▶ _Work request_: Could you reproduce all of these records exactly?

*** Opening of Task data ***

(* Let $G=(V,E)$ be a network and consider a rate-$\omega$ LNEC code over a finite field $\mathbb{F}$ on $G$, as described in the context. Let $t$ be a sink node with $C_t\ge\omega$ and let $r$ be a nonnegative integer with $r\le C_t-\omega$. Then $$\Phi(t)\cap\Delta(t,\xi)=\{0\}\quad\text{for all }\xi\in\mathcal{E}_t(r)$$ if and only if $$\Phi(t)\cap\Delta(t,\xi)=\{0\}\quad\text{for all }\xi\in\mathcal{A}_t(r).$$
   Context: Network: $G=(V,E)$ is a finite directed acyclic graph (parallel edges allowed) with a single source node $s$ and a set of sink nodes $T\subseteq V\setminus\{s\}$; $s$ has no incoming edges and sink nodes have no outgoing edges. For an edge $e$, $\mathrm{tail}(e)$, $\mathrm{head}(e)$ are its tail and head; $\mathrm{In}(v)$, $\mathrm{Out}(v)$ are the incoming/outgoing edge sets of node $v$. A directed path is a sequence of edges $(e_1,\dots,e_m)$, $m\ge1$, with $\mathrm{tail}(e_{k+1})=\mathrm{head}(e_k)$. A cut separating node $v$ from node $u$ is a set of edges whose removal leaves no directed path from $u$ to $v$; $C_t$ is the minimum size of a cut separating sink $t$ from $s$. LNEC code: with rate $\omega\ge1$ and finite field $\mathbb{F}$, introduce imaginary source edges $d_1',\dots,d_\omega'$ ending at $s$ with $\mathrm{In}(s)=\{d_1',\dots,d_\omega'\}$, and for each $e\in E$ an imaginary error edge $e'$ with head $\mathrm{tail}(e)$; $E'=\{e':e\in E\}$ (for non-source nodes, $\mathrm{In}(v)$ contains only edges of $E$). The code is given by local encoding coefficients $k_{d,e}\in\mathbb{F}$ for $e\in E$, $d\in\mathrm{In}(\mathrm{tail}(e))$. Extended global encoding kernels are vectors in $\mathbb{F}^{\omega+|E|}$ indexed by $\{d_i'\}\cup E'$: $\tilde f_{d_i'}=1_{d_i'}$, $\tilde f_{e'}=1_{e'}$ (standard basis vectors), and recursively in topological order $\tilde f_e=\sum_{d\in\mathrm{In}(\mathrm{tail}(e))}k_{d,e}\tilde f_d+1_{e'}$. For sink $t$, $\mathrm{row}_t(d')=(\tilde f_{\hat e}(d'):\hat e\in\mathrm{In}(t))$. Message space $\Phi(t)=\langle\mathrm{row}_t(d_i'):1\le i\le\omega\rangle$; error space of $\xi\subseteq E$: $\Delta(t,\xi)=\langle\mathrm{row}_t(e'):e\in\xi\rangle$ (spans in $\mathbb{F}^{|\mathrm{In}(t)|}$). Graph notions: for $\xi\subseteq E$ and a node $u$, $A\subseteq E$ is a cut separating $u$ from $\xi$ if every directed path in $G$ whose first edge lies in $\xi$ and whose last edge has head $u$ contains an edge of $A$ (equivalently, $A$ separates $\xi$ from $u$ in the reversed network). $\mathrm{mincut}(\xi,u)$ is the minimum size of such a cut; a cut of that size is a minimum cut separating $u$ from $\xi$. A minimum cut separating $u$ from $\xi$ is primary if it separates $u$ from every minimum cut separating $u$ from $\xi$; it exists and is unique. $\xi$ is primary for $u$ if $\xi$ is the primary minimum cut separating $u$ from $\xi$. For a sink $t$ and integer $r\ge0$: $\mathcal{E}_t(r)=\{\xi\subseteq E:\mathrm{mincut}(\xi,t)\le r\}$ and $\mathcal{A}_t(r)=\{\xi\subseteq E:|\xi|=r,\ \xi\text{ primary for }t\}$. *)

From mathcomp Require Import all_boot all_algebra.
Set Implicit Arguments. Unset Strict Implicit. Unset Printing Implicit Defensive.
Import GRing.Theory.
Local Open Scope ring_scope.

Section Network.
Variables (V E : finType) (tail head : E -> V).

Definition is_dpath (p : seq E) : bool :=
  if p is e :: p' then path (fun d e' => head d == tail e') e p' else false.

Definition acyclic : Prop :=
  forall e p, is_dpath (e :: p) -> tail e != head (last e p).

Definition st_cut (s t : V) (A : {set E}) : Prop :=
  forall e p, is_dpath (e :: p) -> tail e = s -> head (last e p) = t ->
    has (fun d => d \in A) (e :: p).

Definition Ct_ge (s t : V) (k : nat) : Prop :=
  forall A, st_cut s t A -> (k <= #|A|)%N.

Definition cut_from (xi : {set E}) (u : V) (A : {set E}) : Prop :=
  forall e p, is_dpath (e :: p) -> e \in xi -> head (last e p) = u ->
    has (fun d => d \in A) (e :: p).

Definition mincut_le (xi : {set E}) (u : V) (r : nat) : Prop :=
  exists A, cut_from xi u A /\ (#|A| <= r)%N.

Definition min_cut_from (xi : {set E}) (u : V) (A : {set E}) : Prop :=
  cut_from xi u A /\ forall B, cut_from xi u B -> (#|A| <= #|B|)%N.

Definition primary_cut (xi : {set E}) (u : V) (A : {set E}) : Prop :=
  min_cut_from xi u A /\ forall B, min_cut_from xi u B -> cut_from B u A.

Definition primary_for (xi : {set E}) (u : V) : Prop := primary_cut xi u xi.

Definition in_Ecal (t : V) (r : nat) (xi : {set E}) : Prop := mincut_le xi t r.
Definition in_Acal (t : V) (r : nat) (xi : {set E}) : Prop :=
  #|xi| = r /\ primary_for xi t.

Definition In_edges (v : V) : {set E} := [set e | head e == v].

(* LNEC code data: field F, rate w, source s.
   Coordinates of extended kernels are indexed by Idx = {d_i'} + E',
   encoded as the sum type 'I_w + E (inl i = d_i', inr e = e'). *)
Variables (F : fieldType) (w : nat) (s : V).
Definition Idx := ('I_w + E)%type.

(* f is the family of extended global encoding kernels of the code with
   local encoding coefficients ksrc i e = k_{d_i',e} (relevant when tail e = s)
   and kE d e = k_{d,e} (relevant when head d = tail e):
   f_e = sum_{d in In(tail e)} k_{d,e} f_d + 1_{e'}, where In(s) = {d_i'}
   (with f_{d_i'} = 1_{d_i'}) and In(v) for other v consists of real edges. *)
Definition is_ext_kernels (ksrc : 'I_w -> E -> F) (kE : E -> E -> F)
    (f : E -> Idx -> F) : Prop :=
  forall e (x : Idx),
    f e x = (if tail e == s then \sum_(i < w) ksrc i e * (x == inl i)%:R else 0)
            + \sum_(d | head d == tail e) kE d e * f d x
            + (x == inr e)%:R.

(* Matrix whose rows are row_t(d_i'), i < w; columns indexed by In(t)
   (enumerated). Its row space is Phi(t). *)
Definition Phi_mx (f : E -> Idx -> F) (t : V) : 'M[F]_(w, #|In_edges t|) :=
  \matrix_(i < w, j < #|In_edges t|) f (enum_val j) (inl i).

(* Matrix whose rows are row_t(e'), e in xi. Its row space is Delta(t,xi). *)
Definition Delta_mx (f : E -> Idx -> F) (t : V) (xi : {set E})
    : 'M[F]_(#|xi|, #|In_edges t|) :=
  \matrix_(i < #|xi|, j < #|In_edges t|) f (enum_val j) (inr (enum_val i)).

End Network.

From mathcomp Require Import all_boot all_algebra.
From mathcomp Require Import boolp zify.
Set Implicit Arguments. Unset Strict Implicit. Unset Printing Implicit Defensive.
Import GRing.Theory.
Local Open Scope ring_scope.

*** Close of Task data ***

▶ _Solution to the exercise_:
(* Let $G=(V,E)$ be a network and consider a rate-$\omega$ LNEC code over a finite field $\mathbb{F}$ on $G$, as described in the context. Let $t$ be a sink node with $C_t\ge\omega$ and let $r$ be a nonnegative integer with $r\le C_t-\omega$. Then $$\Phi(t)\cap\Delta(t,\xi)=\{0\}\quad\text{for all }\xi\in\mathcal{E}_t(r)$$ if and only if $$\Phi(t)\cap\Delta(t,\xi)=\{0\}\quad\text{for all }\xi\in\mathcal{A}_t(r).$$
   Context: Network: $G=(V,E)$ is a finite directed acyclic graph (parallel edges allowed) with a single source node $s$ and a set of sink nodes $T\subseteq V\setminus\{s\}$; $s$ has no incoming edges and sink nodes have no outgoing edges. For an edge $e$, $\mathrm{tail}(e)$, $\mathrm{head}(e)$ are its tail and head; $\mathrm{In}(v)$, $\mathrm{Out}(v)$ are the incoming/outgoing edge sets of node $v$. A directed path is a sequence of edges $(e_1,\dots,e_m)$, $m\ge1$, with $\mathrm{tail}(e_{k+1})=\mathrm{head}(e_k)$. A cut separating node $v$ from node $u$ is a set of edges whose removal leaves no directed path from $u$ to $v$; $C_t$ is the minimum size of a cut separating sink $t$ from $s$. LNEC code: with rate $\omega\ge1$ and finite field $\mathbb{F}$, introduce imaginary source edges $d_1',\dots,d_\omega'$ ending at $s$ with $\mathrm{In}(s)=\{d_1',\dots,d_\omega'\}$, and for each $e\in E$ an imaginary error edge $e'$ with head $\mathrm{tail}(e)$; $E'=\{e':e\in E\}$ (for non-source nodes, $\mathrm{In}(v)$ contains only edges of $E$). The code is given by local encoding coefficients $k_{d,e}\in\mathbb{F}$ for $e\in E$, $d\in\mathrm{In}(\mathrm{tail}(e))$. Extended global encoding kernels are vectors in $\mathbb{F}^{\omega+|E|}$ indexed by $\{d_i'\}\cup E'$: $\tilde f_{d_i'}=1_{d_i'}$, $\tilde f_{e'}=1_{e'}$ (standard basis vectors), and recursively in topological order $\tilde f_e=\sum_{d\in\mathrm{In}(\mathrm{tail}(e))}k_{d,e}\tilde f_d+1_{e'}$. For sink $t$, $\mathrm{row}_t(d')=(\tilde f_{\hat e}(d'):\hat e\in\mathrm{In}(t))$. Message space $\Phi(t)=\langle\mathrm{row}_t(d_i'):1\le i\le\omega\rangle$; error space of $\xi\subseteq E$: $\Delta(t,\xi)=\langle\mathrm{row}_t(e'):e\in\xi\rangle$ (spans in $\mathbb{F}^{|\mathrm{In}(t)|}$). Graph notions: for $\xi\subseteq E$ and a node $u$, $A\subseteq E$ is a cut separating $u$ from $\xi$ if every directed path in $G$ whose first edge lies in $\xi$ and whose last edge has head $u$ contains an edge of $A$ (equivalently, $A$ separates $\xi$ from $u$ in the reversed network). $\mathrm{mincut}(\xi,u)$ is the minimum size of such a cut; a cut of that size is a minimum cut separating $u$ from $\xi$. A minimum cut separating $u$ from $\xi$ is primary if it separates $u$ from every minimum cut separating $u$ from $\xi$; it exists and is unique. $\xi$ is primary for $u$ if $\xi$ is the primary minimum cut separating $u$ from $\xi$. For a sink $t$ and integer $r\ge0$: $\mathcal{E}_t(r)=\{\xi\subseteq E:\mathrm{mincut}(\xi,t)\le r\}$ and $\mathcal{A}_t(r)=\{\xi\subseteq E:|\xi|=r,\ \xi\text{ primary for }t\}$. *)

From mathcomp Require Import all_boot all_algebra.
Set Implicit Arguments. Unset Strict Implicit. Unset Printing Implicit Defensive.
Import GRing.Theory.
Local Open Scope ring_scope.

Section Network.
Variables (V E : finType) (tail head : E -> V).

Definition is_dpath (p : seq E) : bool :=
  if p is e :: p' then path (fun d e' => head d == tail e') e p' else false.

Definition acyclic : Prop :=
  forall e p, is_dpath (e :: p) -> tail e != head (last e p).

Definition st_cut (s t : V) (A : {set E}) : Prop :=
  forall e p, is_dpath (e :: p) -> tail e = s -> head (last e p) = t ->
    has (fun d => d \in A) (e :: p).

Definition Ct_ge (s t : V) (k : nat) : Prop :=
  forall A, st_cut s t A -> (k <= #|A|)%N.

Definition cut_from (xi : {set E}) (u : V) (A : {set E}) : Prop :=
  forall e p, is_dpath (e :: p) -> e \in xi -> head (last e p) = u ->
    has (fun d => d \in A) (e :: p).

Definition mincut_le (xi : {set E}) (u : V) (r : nat) : Prop :=
  exists A, cut_from xi u A /\ (#|A| <= r)%N.

Definition min_cut_from (xi : {set E}) (u : V) (A : {set E}) : Prop :=
  cut_from xi u A /\ forall B, cut_from xi u B -> (#|A| <= #|B|)%N.

Definition primary_cut (xi : {set E}) (u : V) (A : {set E}) : Prop :=
  min_cut_from xi u A /\ forall B, min_cut_from xi u B -> cut_from B u A.

Definition primary_for (xi : {set E}) (u : V) : Prop := primary_cut xi u xi.

Definition in_Ecal (t : V) (r : nat) (xi : {set E}) : Prop := mincut_le xi t r.
Definition in_Acal (t : V) (r : nat) (xi : {set E}) : Prop :=
  #|xi| = r /\ primary_for xi t.

Definition In_edges (v : V) : {set E} := [set e | head e == v].

(* LNEC code data: field F, rate w, source s.
   Coordinates of extended kernels are indexed by Idx = {d_i'} + E',
   encoded as the sum type 'I_w + E (inl i = d_i', inr e = e'). *)
Variables (F : fieldType) (w : nat) (s : V).
Definition Idx := ('I_w + E)%type.

(* f is the family of extended global encoding kernels of the code with
   local encoding coefficients ksrc i e = k_{d_i',e} (relevant when tail e = s)
   and kE d e = k_{d,e} (relevant when head d = tail e):
   f_e = sum_{d in In(tail e)} k_{d,e} f_d + 1_{e'}, where In(s) = {d_i'}
   (with f_{d_i'} = 1_{d_i'}) and In(v) for other v consists of real edges. *)
Definition is_ext_kernels (ksrc : 'I_w -> E -> F) (kE : E -> E -> F)
    (f : E -> Idx -> F) : Prop :=
  forall e (x : Idx),
    f e x = (if tail e == s then \sum_(i < w) ksrc i e * (x == inl i)%:R else 0)
            + \sum_(d | head d == tail e) kE d e * f d x
            + (x == inr e)%:R.

(* Matrix whose rows are row_t(d_i'), i < w; columns indexed by In(t)
   (enumerated). Its row space is Phi(t). *)
Definition Phi_mx (f : E -> Idx -> F) (t : V) : 'M[F]_(w, #|In_edges t|) :=
  \matrix_(i < w, j < #|In_edges t|) f (enum_val j) (inl i).

(* Matrix whose rows are row_t(e'), e in xi. Its row space is Delta(t,xi). *)
Definition Delta_mx (f : E -> Idx -> F) (t : V) (xi : {set E})
    : 'M[F]_(#|xi|, #|In_edges t|) :=
  \matrix_(i < #|xi|, j < #|In_edges t|) f (enum_val j) (inr (enum_val i)).

End Network.

From mathcomp Require Import all_boot all_algebra.
From mathcomp Require Import boolp zify.
Set Implicit Arguments. Unset Strict Implicit. Unset Printing Implicit Defensive.
Import GRing.Theory.
Local Open Scope ring_scope.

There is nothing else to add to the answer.